> _Task inputs_
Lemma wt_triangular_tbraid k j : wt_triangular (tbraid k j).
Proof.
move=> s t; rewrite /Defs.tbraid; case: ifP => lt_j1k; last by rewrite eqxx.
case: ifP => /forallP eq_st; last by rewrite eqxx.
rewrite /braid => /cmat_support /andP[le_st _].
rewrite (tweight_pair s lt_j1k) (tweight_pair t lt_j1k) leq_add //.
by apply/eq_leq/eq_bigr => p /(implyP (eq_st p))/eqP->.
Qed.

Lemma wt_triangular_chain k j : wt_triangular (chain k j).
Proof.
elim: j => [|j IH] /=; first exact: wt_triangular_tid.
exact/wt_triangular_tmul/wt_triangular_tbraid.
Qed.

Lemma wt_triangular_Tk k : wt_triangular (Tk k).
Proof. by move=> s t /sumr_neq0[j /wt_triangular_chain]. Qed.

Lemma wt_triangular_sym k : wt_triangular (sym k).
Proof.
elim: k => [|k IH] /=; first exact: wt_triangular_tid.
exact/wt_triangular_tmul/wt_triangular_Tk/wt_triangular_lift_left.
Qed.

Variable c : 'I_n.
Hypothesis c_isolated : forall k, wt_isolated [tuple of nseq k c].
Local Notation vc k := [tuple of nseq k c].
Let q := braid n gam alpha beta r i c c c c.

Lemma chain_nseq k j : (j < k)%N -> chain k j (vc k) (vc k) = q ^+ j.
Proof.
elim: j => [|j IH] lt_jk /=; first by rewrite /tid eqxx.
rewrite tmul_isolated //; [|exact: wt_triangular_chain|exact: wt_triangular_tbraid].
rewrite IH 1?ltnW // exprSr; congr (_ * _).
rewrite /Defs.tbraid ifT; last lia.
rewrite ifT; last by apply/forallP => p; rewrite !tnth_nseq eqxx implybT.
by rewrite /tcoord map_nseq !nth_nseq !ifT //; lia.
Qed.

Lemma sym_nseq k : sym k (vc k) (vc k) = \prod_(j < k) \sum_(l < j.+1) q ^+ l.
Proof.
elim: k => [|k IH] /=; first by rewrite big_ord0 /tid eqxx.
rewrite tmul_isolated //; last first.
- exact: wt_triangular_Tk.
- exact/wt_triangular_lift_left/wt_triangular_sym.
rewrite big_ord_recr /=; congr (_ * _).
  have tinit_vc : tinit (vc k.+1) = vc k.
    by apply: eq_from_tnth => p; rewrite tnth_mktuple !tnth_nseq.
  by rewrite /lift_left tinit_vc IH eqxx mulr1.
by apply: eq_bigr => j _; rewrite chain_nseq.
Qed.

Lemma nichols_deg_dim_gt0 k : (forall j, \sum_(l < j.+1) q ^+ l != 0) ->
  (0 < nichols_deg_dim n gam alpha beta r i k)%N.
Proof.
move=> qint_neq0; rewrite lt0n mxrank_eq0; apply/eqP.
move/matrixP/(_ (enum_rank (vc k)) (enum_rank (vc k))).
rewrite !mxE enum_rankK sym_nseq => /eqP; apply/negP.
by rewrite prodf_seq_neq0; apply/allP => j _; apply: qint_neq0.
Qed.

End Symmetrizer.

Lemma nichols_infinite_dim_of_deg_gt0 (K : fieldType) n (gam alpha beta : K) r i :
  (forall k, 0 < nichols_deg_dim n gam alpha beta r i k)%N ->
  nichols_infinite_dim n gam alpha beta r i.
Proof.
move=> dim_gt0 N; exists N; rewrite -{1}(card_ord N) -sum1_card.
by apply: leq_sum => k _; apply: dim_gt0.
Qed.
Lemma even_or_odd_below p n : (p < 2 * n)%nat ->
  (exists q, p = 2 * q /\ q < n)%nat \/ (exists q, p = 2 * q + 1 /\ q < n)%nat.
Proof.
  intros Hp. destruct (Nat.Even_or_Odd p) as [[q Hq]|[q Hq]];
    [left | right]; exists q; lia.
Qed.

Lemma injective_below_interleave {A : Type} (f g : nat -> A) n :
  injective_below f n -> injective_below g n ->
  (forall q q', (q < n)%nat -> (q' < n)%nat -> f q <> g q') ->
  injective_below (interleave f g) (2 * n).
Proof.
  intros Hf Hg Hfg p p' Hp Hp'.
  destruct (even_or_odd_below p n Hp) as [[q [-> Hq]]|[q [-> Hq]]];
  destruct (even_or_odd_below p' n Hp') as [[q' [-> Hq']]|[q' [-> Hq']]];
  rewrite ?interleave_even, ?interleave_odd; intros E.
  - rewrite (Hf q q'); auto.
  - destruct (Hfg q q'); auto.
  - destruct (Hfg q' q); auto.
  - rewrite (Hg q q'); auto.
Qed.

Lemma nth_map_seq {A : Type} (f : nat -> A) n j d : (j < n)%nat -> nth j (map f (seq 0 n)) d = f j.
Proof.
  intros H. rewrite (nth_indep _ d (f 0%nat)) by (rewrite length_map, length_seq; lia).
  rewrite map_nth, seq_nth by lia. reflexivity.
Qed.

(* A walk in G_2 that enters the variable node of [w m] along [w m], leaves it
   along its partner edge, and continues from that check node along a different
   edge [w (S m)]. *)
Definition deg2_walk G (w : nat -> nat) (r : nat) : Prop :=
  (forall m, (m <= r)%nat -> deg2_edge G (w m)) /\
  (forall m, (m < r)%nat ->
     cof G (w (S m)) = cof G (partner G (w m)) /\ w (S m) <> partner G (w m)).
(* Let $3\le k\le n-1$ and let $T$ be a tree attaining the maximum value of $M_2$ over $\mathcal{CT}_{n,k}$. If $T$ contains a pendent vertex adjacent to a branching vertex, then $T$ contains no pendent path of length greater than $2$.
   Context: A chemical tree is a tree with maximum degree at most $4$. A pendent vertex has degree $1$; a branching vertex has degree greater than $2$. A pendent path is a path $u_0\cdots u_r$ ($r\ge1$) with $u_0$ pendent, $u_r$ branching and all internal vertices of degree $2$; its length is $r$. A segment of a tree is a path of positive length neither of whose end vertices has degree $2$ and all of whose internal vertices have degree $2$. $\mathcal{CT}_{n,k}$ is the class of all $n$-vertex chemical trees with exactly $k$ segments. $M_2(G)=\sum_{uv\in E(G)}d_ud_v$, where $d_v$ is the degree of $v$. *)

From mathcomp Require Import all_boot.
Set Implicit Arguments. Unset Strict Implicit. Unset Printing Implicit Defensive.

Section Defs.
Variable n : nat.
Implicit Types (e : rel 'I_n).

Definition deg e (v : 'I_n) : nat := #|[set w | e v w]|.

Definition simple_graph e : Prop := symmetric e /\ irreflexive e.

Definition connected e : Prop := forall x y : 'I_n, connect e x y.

> _Task objective_
Find every line in the records above that contains the word "tree", and copy each one.

> _Your solution_
(* Let $3\le k\le n-1$ and let $T$ be a tree attaining the maximum value of $M_2$ over $\mathcal{CT}_{n,k}$. If $T$ contains a pendent vertex adjacent to a branching vertex, then $T$ contains no pendent path of length greater than $2$.
   Context: A chemical tree is a tree with maximum degree at most $4$. A pendent vertex has degree $1$; a branching vertex has degree greater than $2$. A pendent path is a path $u_0\cdots u_r$ ($r\ge1$) with $u_0$ pendent, $u_r$ branching and all internal vertices of degree $2$; its length is $r$. A segment of a tree is a path of positive length neither of whose end vertices has degree $2$ and all of whose internal vertices have degree $2$. $\mathcal{CT}_{n,k}$ is the class of all $n$-vertex chemical trees with exactly $k$ segments. $M_2(G)=\sum_{uv\in E(G)}d_ud_v$, where $d_v$ is the degree of $v$. *)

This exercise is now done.